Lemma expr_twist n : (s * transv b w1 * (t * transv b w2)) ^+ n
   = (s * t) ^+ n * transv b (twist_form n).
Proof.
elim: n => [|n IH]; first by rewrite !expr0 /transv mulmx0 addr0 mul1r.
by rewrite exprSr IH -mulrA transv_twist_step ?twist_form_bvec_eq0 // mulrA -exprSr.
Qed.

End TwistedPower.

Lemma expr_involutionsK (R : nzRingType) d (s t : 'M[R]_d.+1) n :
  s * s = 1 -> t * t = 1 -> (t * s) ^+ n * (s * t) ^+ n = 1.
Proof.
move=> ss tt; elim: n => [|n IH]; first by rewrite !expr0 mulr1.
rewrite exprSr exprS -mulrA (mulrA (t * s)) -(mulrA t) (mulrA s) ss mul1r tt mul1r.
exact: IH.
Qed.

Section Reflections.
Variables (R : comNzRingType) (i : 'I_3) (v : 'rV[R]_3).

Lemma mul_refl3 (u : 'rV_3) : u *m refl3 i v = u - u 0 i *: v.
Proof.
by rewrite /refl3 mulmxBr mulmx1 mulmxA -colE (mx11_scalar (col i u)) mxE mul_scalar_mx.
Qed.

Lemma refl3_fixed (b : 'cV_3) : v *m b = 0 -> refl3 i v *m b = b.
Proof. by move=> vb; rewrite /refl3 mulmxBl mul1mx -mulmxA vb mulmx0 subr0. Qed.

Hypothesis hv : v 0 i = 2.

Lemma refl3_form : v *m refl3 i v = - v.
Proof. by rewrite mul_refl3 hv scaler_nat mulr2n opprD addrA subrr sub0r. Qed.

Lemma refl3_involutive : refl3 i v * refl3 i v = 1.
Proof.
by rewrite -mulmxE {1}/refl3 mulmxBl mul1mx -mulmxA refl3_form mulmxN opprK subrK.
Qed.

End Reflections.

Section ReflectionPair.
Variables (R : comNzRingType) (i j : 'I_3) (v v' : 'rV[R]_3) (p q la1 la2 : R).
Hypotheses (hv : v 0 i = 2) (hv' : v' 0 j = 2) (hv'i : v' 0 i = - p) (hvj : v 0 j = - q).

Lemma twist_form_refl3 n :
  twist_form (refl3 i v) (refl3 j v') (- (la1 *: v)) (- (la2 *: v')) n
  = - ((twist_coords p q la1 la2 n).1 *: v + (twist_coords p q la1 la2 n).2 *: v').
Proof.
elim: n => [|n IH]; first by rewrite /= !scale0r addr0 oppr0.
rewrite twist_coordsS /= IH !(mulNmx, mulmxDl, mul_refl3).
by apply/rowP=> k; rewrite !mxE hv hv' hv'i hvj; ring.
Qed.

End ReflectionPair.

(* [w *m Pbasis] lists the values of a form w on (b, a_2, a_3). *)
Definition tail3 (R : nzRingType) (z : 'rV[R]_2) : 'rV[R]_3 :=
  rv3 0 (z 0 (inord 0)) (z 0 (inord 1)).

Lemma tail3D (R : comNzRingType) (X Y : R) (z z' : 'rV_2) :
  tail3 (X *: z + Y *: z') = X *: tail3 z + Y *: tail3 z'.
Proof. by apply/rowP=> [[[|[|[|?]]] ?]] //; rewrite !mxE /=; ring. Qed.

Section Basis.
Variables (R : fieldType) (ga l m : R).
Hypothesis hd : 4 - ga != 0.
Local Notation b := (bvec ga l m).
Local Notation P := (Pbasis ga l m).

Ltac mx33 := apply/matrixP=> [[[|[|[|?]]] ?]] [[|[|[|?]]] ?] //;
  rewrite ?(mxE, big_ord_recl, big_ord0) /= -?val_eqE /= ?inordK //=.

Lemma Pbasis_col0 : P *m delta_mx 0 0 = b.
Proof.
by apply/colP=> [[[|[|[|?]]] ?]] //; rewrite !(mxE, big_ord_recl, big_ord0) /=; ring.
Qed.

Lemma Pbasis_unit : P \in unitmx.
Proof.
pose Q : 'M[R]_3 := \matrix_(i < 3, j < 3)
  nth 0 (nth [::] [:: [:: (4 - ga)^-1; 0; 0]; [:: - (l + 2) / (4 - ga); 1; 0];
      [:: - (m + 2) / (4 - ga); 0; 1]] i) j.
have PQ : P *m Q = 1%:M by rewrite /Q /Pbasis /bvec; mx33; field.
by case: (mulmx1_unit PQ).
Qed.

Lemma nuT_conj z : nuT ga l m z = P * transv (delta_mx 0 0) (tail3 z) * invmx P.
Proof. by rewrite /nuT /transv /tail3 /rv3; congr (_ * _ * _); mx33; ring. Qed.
##########
What is required
Set down, exactly as they appear, the line holding "Variables (R : fieldType) (ga l m : R)." and every line after it until the records end.

Finished task
Variables (R : fieldType) (ga l m : R).
Hypothesis hd : 4 - ga != 0.
Local Notation b := (bvec ga l m).
Local Notation P := (Pbasis ga l m).

Ltac mx33 := apply/matrixP=> [[[|[|[|?]]] ?]] [[|[|[|?]]] ?] //;
  rewrite ?(mxE, big_ord_recl, big_ord0) /= -?val_eqE /= ?inordK //=.

Lemma Pbasis_col0 : P *m delta_mx 0 0 = b.
Proof.
by apply/colP=> [[[|[|[|?]]] ?]] //; rewrite !(mxE, big_ord_recl, big_ord0) /=; ring.
Qed.

Lemma Pbasis_unit : P \in unitmx.
Proof.
pose Q : 'M[R]_3 := \matrix_(i < 3, j < 3)
  nth 0 (nth [::] [:: [:: (4 - ga)^-1; 0; 0]; [:: - (l + 2) / (4 - ga); 1; 0];
      [:: - (m + 2) / (4 - ga); 0; 1]] i) j.
have PQ : P *m Q = 1%:M by rewrite /Q /Pbasis /bvec; mx33; field.
by case: (mulmx1_unit PQ).
Qed.

Lemma nuT_conj z : nuT ga l m z = P * transv (delta_mx 0 0) (tail3 z) * invmx P.
Proof. by rewrite /nuT /transv /tail3 /rv3; congr (_ * _ * _); mx33; ring. Qed.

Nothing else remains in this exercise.